The Investment
By: Jordan Johnson
We are all familiar with the investment of money. You want to invest in something that is secure and grows. Now if you are more aggressive you may invest in something less secure with the opportunity for faster or larger growth.
What about investing in people and more importantly investing in ourselves. There are givers and takers in this world (well demonstrated in Adam Grant’s Give and Take). We have a major problem that has been compounded by social media but is fundamental in nature. It is the core component of the need for acceptance. This is not a bad thing but needs to be analyzed and moderated. Some people strive to become chameleons of society and simply want to fit in at any cost and any environment. Others just want to look the part. Social media has exacerbated this into an epidemic, where life is defined for many by the number of “likes”, “views”, “hits” and “follows”. For others it is the inability to give a black and white answer, and the always giving a “PC”/ neutral answer. This may be great at first but is not sustainable over time, it becomes mentally and physically exhausting and will actually strain the relationships that are worth the investment.
This is true in business and your personal life. The saying from when we were kids is still true: “you can’t please everyone”, yet we make so many bad investments in trying to do so. There has to be reciprocation in a relationship personal or business at some point. We live in a “cut throat” world where the push for “success” and money and closing the deal or “keeping up with the Jones” has become the driver. This is bad for the “givers” as your kindness will be mistaken for weakness. You will have the tendency to be taken advantage of in your personal and business life. You must identify this when it occurs and either continue or draw a boundary. Interestingly, when you choose to draw a boundary, the “taker” will generally try to play the victim. Strange how that occurs. You will often find out who is true and who is not. Many have a hidden agenda or motive that your boundary will expose.

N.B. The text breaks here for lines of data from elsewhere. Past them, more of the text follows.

(* Let $\Sigma^*$ be an $n\times n$ positive definite matrix with $\Omega^*=(\Sigma^* )^{-1}$ whose conditional independence structure is a tree $T^*$, let $D^*$ be a diagonal matrix with nonnegative entries, let $a$ be a leaf of $T^*$ with neighbor $b$, and let $c$ satisfy $0<c<D^*_{bb}$. Define $\Sigma^q$ by $\Sigma^q_{aa}=\Sigma^*_{aa}-\frac{1}{\Omega^*_{aa}}$, $\Sigma^q_{bb}=\Sigma^*_{bb}+c$, and $\Sigma^q_{ij}=\Sigma^*_{ij}$ for all other $(i,j)$. Then $\Sigma^q$ is a covariance (positive definite) matrix and its conditional independence structure is the tree obtained from $T^*$ by exchanging the positions of nodes $a$ and $b$.
   Context: For an $n\times n$ positive definite matrix $\Sigma$ with inverse $\Omega$, its conditional independence structure is the graph on $\{1,\dots,n\}$ with an edge $\{i,j\}$ ($i\neq j$) iff $\Omega_{ij}\neq 0$. ''Exchanging the positions of $a$ and $b$'' means applying to $T^*$ the relabeling of vertices that swaps $a$ and $b$. *)

From HB Require Import structures.
From mathcomp Require Import all_boot all_order all_fingroup all_algebra.
Set Implicit Arguments. Unset Strict Implicit. Unset Printing Implicit Defensive.
Import Order.TTheory GRing.Theory Num.Theory.
Local Open Scope ring_scope.

Definition posdef (R : realFieldType) (n : nat) (A : 'M[R]_n) : Prop :=
  A^T = A /\ forall x : 'rV[R]_n, x != 0 -> 0 < (x *m A *m x^T) 0 0.

Definition ci_edge (R : realFieldType) (n : nat) (A : 'M[R]_n) : rel 'I_n :=
  fun i j => (i != j) && (invmx A i j != 0).

Definition is_tree (T : finType) (e : rel T) : Prop :=
  (forall x y, connect e x y) /\
  ~ (exists s : seq T, [/\ uniq s, 3 <= size s & path.cycle e s])%N.

Definition degree (T : finType) (e : rel T) (v : T) : nat := #|[set w | e v w]|.

From HB Require Import structures.
From mathcomp Require Import all_boot all_order all_fingroup all_algebra.
From mathcomp Require Import ring.
Import Order.TTheory GRing.Theory Num.Theory.
Local Open Scope ring_scope.
Set Implicit Arguments. Unset Strict Implicit. Unset Printing Implicit Defensive.

(* Since [a] is a leaf with neighbour [b], row [a] of [Om = S^-1] is supported
   on [{a, b}], so that [S a j = k * S b j] for [j != a] and
   [S a a - 1 / Om a a = k^2 * S b b], with [k = - Om a b / Om a a]: [X_a] is
   [k X_b] plus independent noise of variance [1 / Om a a].  Hence
   [Sq = L S L^T + c E_bb], the covariance of [Y_a = k X_b], [Y_b = X_b + Z]
   with independent [Z] of variance [c], and [Y_j = X_j] otherwise.  This makes
   [Sq] positive definite, and its inverse can be written down explicitly: in
   it [b] is a leaf hanging off [a], which takes over the other neighbours
   of [b]. *)

Lemma bigD1_pair (V : nmodType) n (a b : 'I_n) (F : 'I_n -> V) : a != b ->
  \sum_i F i = F a + F b + \sum_(i | (i != a) && (i != b)) F i.
Proof.
move=> neq_ab; rewrite (bigD1 a) //= (bigD1 b) 1?eq_sym //= addrA.
by congr (_ + _); apply: eq_bigl => i; rewrite andbC.
Qed.

Lemma degree1_neighbor (T : finType) (e : rel T) (v w u : T) :
  degree e v = 1%N -> e v w -> e v u -> u = w.
Proof.
rewrite /degree => /eqP/cards1P[z Nv] evw evu.
have : w \in [set y | e v y] by rewrite inE.
have : u \in [set y | e v y] by rewrite inE.
by rewrite Nv !inE => /eqP-> /eqP->.
Qed.

Section PositiveDefinite.
Variables (R : realFieldType) (n : nat).
Implicit Types (A L : 'M[R]_n) (x : 'rV[R]_n).

Lemma quad_form_delta_mx x i : (x *m delta_mx i i *m x^T) 0 0 = x 0 i ^+ 2.
Proof.
rewrite -(mul_delta_mx (0 : 'I_1)) mulmxA -colE -mulmxA -[delta_mx 0 i]trmx_delta.
by rewrite -trmx_mul -colE mxE big_ord1 !mxE expr2.
Qed.

Lemma posdef_diag_gt0 A i : posdef A -> 0 < A i i.
Proof.
move=> [_ A_pos]; have := A_pos 'e_i.
rewrite -mulmxA trmx_delta -colE -rowE !mxE => -> //.
by apply/eqP => /matrixP/(_ 0 i); rewrite !mxE !eqxx => /eqP; rewrite oner_eq0.
Qed.

Lemma posdef_unit A : posdef A -> A \in unitmx.
Proof.
move=> [_ A_pos]; rewrite unitmxE unitfE; apply/negP => /det0P[x x_neq0 xA].
by have := A_pos x x_neq0; rewrite xA mul0mx mxE ltxx.
Qed.

(* The quadratic form is [(x L) A (x L)^T + c x_i^2]; the kernel condition
   says the two terms cannot vanish together. *)
Lemma posdef_congr_add_delta A L i c :
  posdef A -> 0 < c -> (forall x, x *m L = 0 -> x 0 i = 0 -> x = 0) ->
  posdef (L *m A *m L^T + c *: delta_mx i i).
Proof.
move=> [A_sym A_pos] c_gt0 kerL; split.
  by rewrite linearD linearZ /= trmx_delta !trmx_mul trmxK A_sym mulmxA.
move=> x x_neq0.
rewrite mulmxDr mulmxDl -scalemxAr -scalemxAl mxE [in X in _ + X]mxE.
rewrite quad_form_delta_mx !mulmxA.
have -> : x *m L *m A *m L^T *m x^T = x *m L *m A *m (x *m L)^T.
  by rewrite trmx_mul !mulmxA.
have [xL0|xL_neq0] := eqVneq (x *m L) 0.
  rewrite xL0 !mul0mx mxE add0r mulr_gt0 // lt_def sqr_ge0 andbT sqrf_eq0.
  by apply: contraNneq x_neq0 => /(kerL x xL0)->.
by apply: (lt_le_trans (A_pos _ xL_neq0)); rewrite lerDl mulr_ge0 ?sqr_ge0 ?ltW.
Qed.

End PositiveDefinite.

Definition leaf_swap (R : comUnitRingType) n (S : 'M[R]_n) (a b : 'I_n) (c : R) :=
  \matrix_(i, j)
    (if (i == a) && (j == a) then S a a - 1 / (invmx S) a a
     else if (i == b) && (j == b) then S b b + c
     else S i j).

Section LeafSwap.
Variables (R : realFieldType) (n : nat) (S : 'M[R]_n) (a b : 'I_n) (c : R).
Local Notation Om := (invmx S).
Hypotheses (S_sym : S^T = S) (S_unit : S \in unitmx).
Hypotheses (neq_ab : a != b) (Om_ab_neq0 : Om a b != 0).
Hypothesis Om_leaf : forall j, j != a -> j != b -> Om a j = 0.

Let neq_ba : b != a. Proof. by rewrite eq_sym. Qed.

Lemma sym_covE i j : S j i = S i j.
Proof. by rewrite -[in LHS]S_sym mxE. Qed.

Lemma sym_invmxE i j : Om j i = Om i j.
Proof. by rewrite -[in RHS]S_sym -trmx_inv mxE. Qed.

Lemma sum_mulmx_invmx i j : \sum_l S i l * Om l j = (i == j)%:R.
Proof. by have /matrixP/(_ i j) := mulmxV S_unit; rewrite !mxE. Qed.

Lemma sum_invmx_mulmx i j : \sum_l Om i l * S l j = (i == j)%:R.
Proof. by have /matrixP/(_ i j) := mulVmx S_unit; rewrite !mxE. Qed.

Lemma invmx_leaf_row j : Om a a * S a j + Om a b * S b j = (a == j)%:R.
Proof.
rewrite -sum_invmx_mulmx (bigD1_pair _ neq_ab) big1 ?addr0 // => l /andP[la lb].
by rewrite Om_leaf // mul0r.
Qed.

Lemma invmx_leaf_diag_neq0 : S b b != 0 -> Om a a != 0.
Proof.
apply: contra_neq => Om_aa0; have := invmx_leaf_row b.
rewrite Om_aa0 mul0r add0r (negbTE neq_ab) => /eqP.
by rewrite mulf_eq0 (negbTE Om_ab_neq0) => /eqP.
Qed.

Hypothesis Om_aa_neq0 : Om a a != 0.

Let k := - Om a b / Om a a.

Let k_neq0 : k != 0.
Proof. by rewrite mulf_neq0 ?oppr_eq0 ?invr_eq0. Qed.

Lemma leaf_cov_row j : j != a -> S a j = k * S b j.
Proof.
move=> ja; have := invmx_leaf_row j; rewrite eq_sym (negbTE ja) => /eqP.
by rewrite addr_eq0 => /eqP h; apply: (mulfI Om_aa_neq0); rewrite h /k; field.
Qed.

Lemma leaf_cov_col i : i != a -> S i a = k * S i b.
Proof. by move=> ia; rewrite sym_covE leaf_cov_row // sym_covE. Qed.

Lemma leaf_cov_diag : S a a = 1 / Om a a + k ^+ 2 * S b b.
Proof.
have := invmx_leaf_row a; rewrite eqxx mulr1n (sym_covE a b) (leaf_cov_row neq_ba) => h.
apply: (mulfI Om_aa_neq0); rewrite -[Om a a * S a a](addrK (Om a b * (k * S b b))) h.
by rewrite /k; field.
Qed.

Definition leaf_lift : 'M[R]_n :=
  \matrix_(i, j) (if i == a then k * (j == b)%:R else (i == j)%:R).

Lemma mul_leaf_lift_mx m (M : 'M[R]_(n, m)) i j :
  (leaf_lift *m M) i j = if i == a then k * M b j else M i j.
Proof.
rewrite mxE; case: ifP => [/eqP->|ia].
  rewrite (bigD1 b) //= big1 ?addr0 => [|l lb]; rewrite !mxE !eqxx.
    by rewrite mulr1.
  by rewrite (negbTE lb) mulr0 mul0r.
rewrite (bigD1 i) //= big1 ?addr0 => [|l li]; rewrite !mxE ia.
  by rewrite eqxx mul1r.
by rewrite eq_sym (negbTE li) mul0r.
Qed.

Lemma mulmx_tr_leaf_lift m (M : 'M[R]_(m, n)) i j :
  (M *m leaf_lift^T) i j = if j == a then k * M i b else M i j.
Proof. by rewrite -[M]trmxK -trmx_mul mxE mul_leaf_lift_mx !mxE. Qed.

Lemma leaf_swap_decomp :
  leaf_swap S a b c = leaf_lift *m S *m leaf_lift^T + c *: delta_mx b b.
Proof.
apply/matrixP => i j; rewrite [LHS]mxE [RHS]mxE mulmx_tr_leaf_lift !mul_leaf_lift_mx.
rewrite [(c *: delta_mx b b : 'M[R]_n) i j]mxE mxE.
have [->|ia] := eqVneq i a; [|have [->|ib] := eqVneq i b];
  have [->|ja] := eqVneq j a; try have [->|jb] := eqVneq j b;
  rewrite ?eqxx ?(negbTE neq_ab) ?(negbTE neq_ba) /= ?mulr0 ?mulr1 ?addr0 //.
  by rewrite leaf_cov_diag; ring.
all: by rewrite ?leaf_cov_row ?leaf_cov_col.
Qed.

Lemma mulmx_leaf_lift m (M : 'M[R]_(m, n)) i j :
  (M *m leaf_lift) i j = M i a * (k * (j == b)%:R) + (j != a)%:R * M i j.
Proof.
rewrite mxE (bigD1 a) // mxE eqxx; congr (_ + _).
rewrite (eq_bigr (fun l => M i l * (l == j)%:R)) => [|l /negbTE la]; last first.
  by rewrite mxE la.
have [->|ja] := eqVneq j a.
  by rewrite mul0r big1 // => l /negbTE la; rewrite la mulr0.
rewrite mul1r (bigD1 j) // eqxx mulr1 big1 => [|l /andP[_ /negbTE lj]]; first exact: addr0.
by rewrite lj mulr0.
Qed.

Lemma leaf_lift_ker (x : 'rV[R]_n) : x *m leaf_lift = 0 -> x 0 b = 0 -> x = 0.
Proof.
move=> /matrixP xL0 xb0.
have xa0 : x 0 a = 0.
  have := xL0 0 b; rewrite mulmx_leaf_lift mxE neq_ba eqxx xb0 mulr1 mulr0 addr0.
  by move/eqP; rewrite mulf_eq0 (negbTE k_neq0) orbF => /eqP.
apply/rowP => j; rewrite mxE.
have [->|ja] := eqVneq j a => //; have [->|jb] := eqVneq j b => //.
by have := xL0 0 j; rewrite mulmx_leaf_lift mxE ja (negbTE jb) !mulr0 add0r mul1r.
Qed.

Lemma posdef_leaf_swap : posdef S -> 0 < c -> posdef (leaf_swap S a b c).
Proof.
move=> S_pd c_gt0; rewrite leaf_swap_decomp.
exact: posdef_congr_add_delta S_pd c_gt0 leaf_lift_ker.
Qed.

Hypothesis c_neq0 : c != 0.

Definition leaf_swap_inv : 'M[R]_n := \matrix_(i, j)
  if i == a then
    if j == a then (Om b b - Om a b ^+ 2 / Om a a + c^-1) / k ^+ 2
    else if j == b then - (c * k)^-1 else Om b j / k
  else if i == b then
    if j == a then - (c * k)^-1 else if j == b then c^-1 else 0
  else if j == a then Om i b / k else if j == b then 0 else Om i j.

Lemma sum_mulmx_invmx_off_leaf i j :
  \sum_(l | (l != a) && (l != b)) S i l * Om l j
    = (i == j)%:R - S i a * Om a j - S i b * Om b j.
Proof. by rewrite -sum_mulmx_invmx (bigD1_pair _ neq_ab); ring. Qed.

Lemma leaf_swap_mulmx_inv : leaf_swap S a b c *m leaf_swap_inv = 1%:M.
Proof.
apply/matrixP => i j; rewrite !mxE (bigD1_pair _ neq_ab) !mxE.
rewrite (eq_bigr (fun l => S i l * (if j == a then Om l b / k
                 else if j == b then 0 else Om l j))); last first.
  by move=> l /andP[/negbTE la /negbTE lb]; rewrite !mxE la lb !andbF.
rewrite !eqxx (negbTE neq_ab) (negbTE neq_ba) !andbT !andbF.
have [->|ja] := eqVneq j a; [|have [->|jb] := eqVneq j b]; [
  under eq_bigr => l _ do rewrite mulrA;
  rewrite -mulr_suml sum_mulmx_invmx_off_leaf |
  rewrite big1 => [|l _]; [|exact: mulr0] |
  rewrite sum_mulmx_invmx_off_leaf (Om_leaf ja jb); set d := (i == j)%:R; clearbody d];
by have [->|ia] := eqVneq i a; [|have [->|ib] := eqVneq i b];
  rewrite ?eqxx ?(negbTE neq_ab) ?(negbTE neq_ba) /= ?leaf_cov_diag
    ?(leaf_cov_row neq_ba) ?leaf_cov_col // /k; field;
  rewrite ?Om_aa_neq0 ?Om_ab_neq0 ?c_neq0.
Qed.

Lemma invmx_leaf_swap : invmx (leaf_swap S a b c) = leaf_swap_inv.
Proof.
have [Sq_unit _] := mulmx1_unit leaf_swap_mulmx_inv.
by rewrite -[RHS](mulKmx Sq_unit) leaf_swap_mulmx_inv mulmx1.
Qed.

Lemma leaf_swap_inv_eq0 i j : i != j ->
  (leaf_swap_inv i j == 0) = (Om (tperm a b i) (tperm a b j) == 0).
Proof.
have Oab_neq0 : - (c * k)^-1 != 0 by rewrite oppr_eq0 invr_eq0 mulf_neq0.
rewrite mxE.
have [<-|ai] := eqVneq a i; [|have [<-|bi] := eqVneq b i];
  have [<-|aj] := eqVneq a j; try have [<-|bj] := eqVneq b j;
  rewrite ?eqxx ?(negbTE neq_ab) ?(negbTE neq_ba) ?tpermL ?tpermR ?tpermD //= => _.
- by rewrite (sym_invmxE a b) (negbTE Oab_neq0) (negbTE Om_ab_neq0).
- by rewrite mulf_eq0 invr_eq0 (negbTE k_neq0) orbF.
- by rewrite (negbTE Oab_neq0) (negbTE Om_ab_neq0).
- by rewrite Om_leaf ?eqxx // eq_sym.
- by rewrite mulf_eq0 invr_eq0 (negbTE k_neq0) orbF.
- by rewrite (sym_invmxE a i) Om_leaf ?eqxx // eq_sym.
Qed.

Lemma ci_edge_leaf_swap i j :
  ci_edge (leaf_swap S a b c) i j = ci_edge S (tperm a b i) (tperm a b j).
Proof.
rewrite /ci_edge invmx_leaf_swap (inj_eq perm_inj).
by have [//|neq_ij] := eqVneq i j; rewrite /= leaf_swap_inv_eq0.
Qed.

End LeafSwap.

Theorem proposition1 (R : realFieldType) (n : nat) (S D : 'M[R]_n)
    (a b : 'I_n) (c : R) :
  posdef S ->
  is_tree (ci_edge S) ->
  is_diag_mx D -> (forall i, 0 <= D i i) ->
  degree (ci_edge S) a = 1%N -> ci_edge S a b ->
  0 < c -> c < D b b ->
  let Sq := \matrix_(i, j)
      (if (i == a) && (j == a) then S a a - 1 / (invmx S) a a
       else if (i == b) && (j == b) then S b b + c
       else S i j) in
  posdef Sq /\
  (forall i j, ci_edge Sq i j = ci_edge S (tperm a b i) (tperm a b j)).
Proof.
move=> S_pd _ _ _ deg_a edge_ab c_gt0 _ Sq; rewrite /Sq -/(leaf_swap S a b c).
have [neq_ab Om_ab_neq0] := andP edge_ab.
have S_unit := posdef_unit S_pd.
have [S_sym _] := S_pd.
have Om_leaf j : j != a -> j != b -> invmx S a j = 0.
  move=> ja jb; apply/eqP; apply: contraNT jb => Om_aj_neq0.
  by apply/eqP; apply: (degree1_neighbor deg_a edge_ab); rewrite /ci_edge eq_sym ja.
have Om_aa_neq0 : invmx S a a != 0.
  by apply: (invmx_leaf_diag_neq0 (b := b)) => //; rewrite gt_eqF ?posdef_diag_gt0.
split; first exact: posdef_leaf_swap.
by apply: ci_edge_leaf_swap => //; rewrite gt_eqF.
Qed.
Theorem lemma3p3 (R : realType) (d : measure_display) (T : measurableType d)
  (P : probability T R) (tau : nat -> nat -> {RV P >-> R}) (G : {RV P >-> R})
  (f : R -> R) (n : nat) :
  (forall x : R, derivable f x 1) -> continuous (derive1 f) ->
  (2 <= n)%N ->
  (forall m i : nat, (1 <= m)%N -> (1 <= i <= m)%N ->
     is_geom P (tau m i) ((m.+1 - i)%:R / m%:R)) ->
  (forall m : nat, (1 <= m)%N ->
     mutually_independent P (index_iota 1 m.+1) (fun i => tau m i : T -> R)) ->
  is_scaled_geom P G (n%:R^-1) (n%:R^-1) ->
  independent2 P (Zm (fun m i => tau m i : T -> R) n.-1) G ->
  ('E_P[fun w => (derive1 f) (Zm (fun m i => tau m i : T -> R) n w)] =
  ((K_ n)%:E *
   'E_P[fun w => (expR (- beta_ n * Zm (fun m i => tau m i : T -> R) n.-1 w) *
        (derive1 f) (alpha_ n * Zm (fun m i => tau m i : T -> R) n.-1 w + G w + delta_ n))%R])%E)%E.
Proof.
move=> _ df_cont + tau_geom tau_indep.
case: n => [|[|n]] // _ lawG ZG_indep.
have mtau m i : measurable_fun [set: T] (tau m i) := measurable_funPT (tau m i).
have mG : measurable_fun [set: T] G := measurable_funPT G.
have K_gt0 : 0 < K_ n.+2 :> R by rewrite mulr_gt0 ?ltr0n ?powR_gt0 ?alpha_gt0.
rewrite !expectation.unlock.
apply: (integral_comp_eq_from_ge0 K_gt0 (fun _ => expR_gt0 _)).
- move=> g mg g_ge0.
  exact: ge0_integral_Zm_tilt mtau tau_geom tau_indep n G g mG lawG ZG_indep mg g_ge0.
- exact: continuous_measurable_fun.
Qed.
(* Let $M$ be a simply-connected domain in the Minkowski plane $(\mathbb{R}^2(u,v),du\,dv)$, let $\omega,Q,R:M\to\mathbb{R}$ be smooth functions and $H\in\mathbb{R}$ a constant. (1) Suppose $\Phi=(\Phi_1,\Phi_2):M\to\mathrm{SL}_2\mathbb{R}\times\mathrm{SL}_2\mathbb{R}$ is smooth and satisfies $(\Phi_1)_u=\Phi_1\mathcal U_1$, $(\Phi_1)_v=\Phi_1\mathcal V_1$, $(\Phi_2)_u=\Phi_2\mathcal U_2$, $(\Phi_2)_v=\Phi_2\mathcal V_2$, where $$\mathcal U_1=\begin{pmatrix}\frac{\omega_u}{4}&\frac12e^{\omega/2}(H+1)\\-e^{-\omega/2}Q&-\frac{\omega_u}{4}\end{pmatrix},\ \mathcal V_1=\begin{pmatrix}-\frac{\omega_v}{4}&e^{-\omega/2}R\\-\frac12e^{\omega/2}(H-1)&\frac{\omega_v}{4}\end{pmatrix},$$ $$\mathcal U_2=\begin{pmatrix}-\frac{\omega_u}{4}&e^{-\omega/2}Q\\-\frac12e^{\omega/2}(H-1)&\frac{\omega_u}{4}\end{pmatrix},\ \mathcal V_2=\begin{pmatrix}\frac{\omega_v}{4}&\frac12e^{\omega/2}(H+1)\\-e^{-\omega/2}R&-\frac{\omega_v}{4}\end{pmatrix}.$$ Then $\varphi:=\Phi_1\Phi_2^t:M\to\mathbb{H}^3_1(-1)$ is a conformal timelike immersion with induced metric $e^{\omega}du\,dv$ and constant mean curvature $H$ (with respect to the unit normal $N=\Phi_1\mathbf k'\Phi_2^t$). (2) Suppose $\Psi=(\Psi_1,\Psi_2):M\to\mathrm{SL}_2\mathbb{R}\times\mathrm{SL}_2\mathbb{R}$ is smooth and satisfies $(\Psi_1)_u=\Psi_1\mathcal U_1$, $(\Psi_1)_v=\Psi_1\mathcal V_1$, $(\Psi_2)_u=\Psi_2\mathcal U_2'$, $(\Psi_2)_v=\Psi_2\mathcal V_2'$, with $\mathcal U_1,\mathcal V_1$ as in (1) and $$\mathcal U_2'=\begin{pmatrix}\frac{\omega_u}{4}&\frac12e^{\omega/2}(H-1)\\-e^{-\omega/2}Q&-\frac{\omega_u}{4}\end{pmatrix},\ \mathcal V_2'=\begin{pmatrix}-\frac{\omega_v}{4}&e^{-\omega/2}R\\-\frac12e^{\omega/2}(H+1)&\frac{\omega_v}{4}\end{pmatrix}.$$ Then $\psi:=\Psi_1\Psi_2^{-1}:M\to\mathbb{H}^3_1(-1)$ is a conformal timelike immersion with induced metric $e^{\omega}du\,dv$ and constant mean curvature $H$ (with respect to the unit normal $N=\Psi_1\mathbf k'\Psi_2^{-1}$).
   Context: $\mathbb{E}^4_2$ is $\mathbb{R}^4$ with metric $-(dx_0)^2-(dx_1)^2+(dx_2)^2+(dx_3)^2$, identified with $M_2(\mathbb{R})$ via $(x_0,x_1,x_2,x_3)\mapsto \begin{pmatrix}x_0+x_3& x_1+x_2\\ -x_1+x_2 & x_0-x_3\end{pmatrix}$, so that $\langle u,v\rangle=\tfrac12\{\operatorname{tr}(uv)-\operatorname{tr}u\operatorname{tr}v\}$, $\langle u,u\rangle=-\det u$, and anti-de Sitter space $\mathbb{H}^3_1(-1)=\{\langle x,x\rangle=-1\}$ becomes $\mathrm{SL}_2\mathbb{R}$. $\mathbf k'=\begin{pmatrix}1&0\\0&-1\end{pmatrix}$. For an immersion $\varphi$ of a domain with null coordinates $(u,v)$, conformal timelike means $\langle\varphi_u,\varphi_u\rangle=\langle\varphi_v,\varphi_v\rangle=0$, $\langle\varphi_u,\varphi_v\rangle=\tfrac12e^{\omega}$ (metric $e^\omega du\,dv$); for a unit normal $N$ ($\langle N,N\rangle=1$, $N\perp\varphi,\varphi_u,\varphi_v$) the mean curvature is $H=2e^{-\omega}\langle\varphi_{uv},N\rangle$. *)

From Stdlib Require Import Reals.
From Coquelicot Require Import Coquelicot.
Open Scope R_scope.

For those that insist of “sucking the life” out of a relationship, riding on coattails, or getting mileage out of someone for gain---you need to limit and greatly moderate this. Why do I not say STOP it all together, because that is not going to happen and there are short bursts of time when this may be necessary. However, if you do it too long and too frequently, you will soon develop a reputation.
So, to decrease your stress and increase your longevity, make smarter investments with people, friends and business relationships.
Things to remember:
· You are not for everyone
· Don’t waste energy on meaningless friendships, relationships, forced interactions or unnecessary conversations
· You will say the wrong thing and irritate someone
· Life is short
· Some people and clients are seasonal, learn to let go and move on
· Ask yourself if the deck was stacked against me, who and how many would be there
· People are inherently selfish, they just are. It takes work to not be that way
· What goes around, comes around---We all must answer one day
· It is lonely at the top
· What will you be remembered for or by
Al Capone said- Don’t mistake my kindness for weakness. I am kind to everyone, but when someone is unkind to me, weak is not what you are going to remember.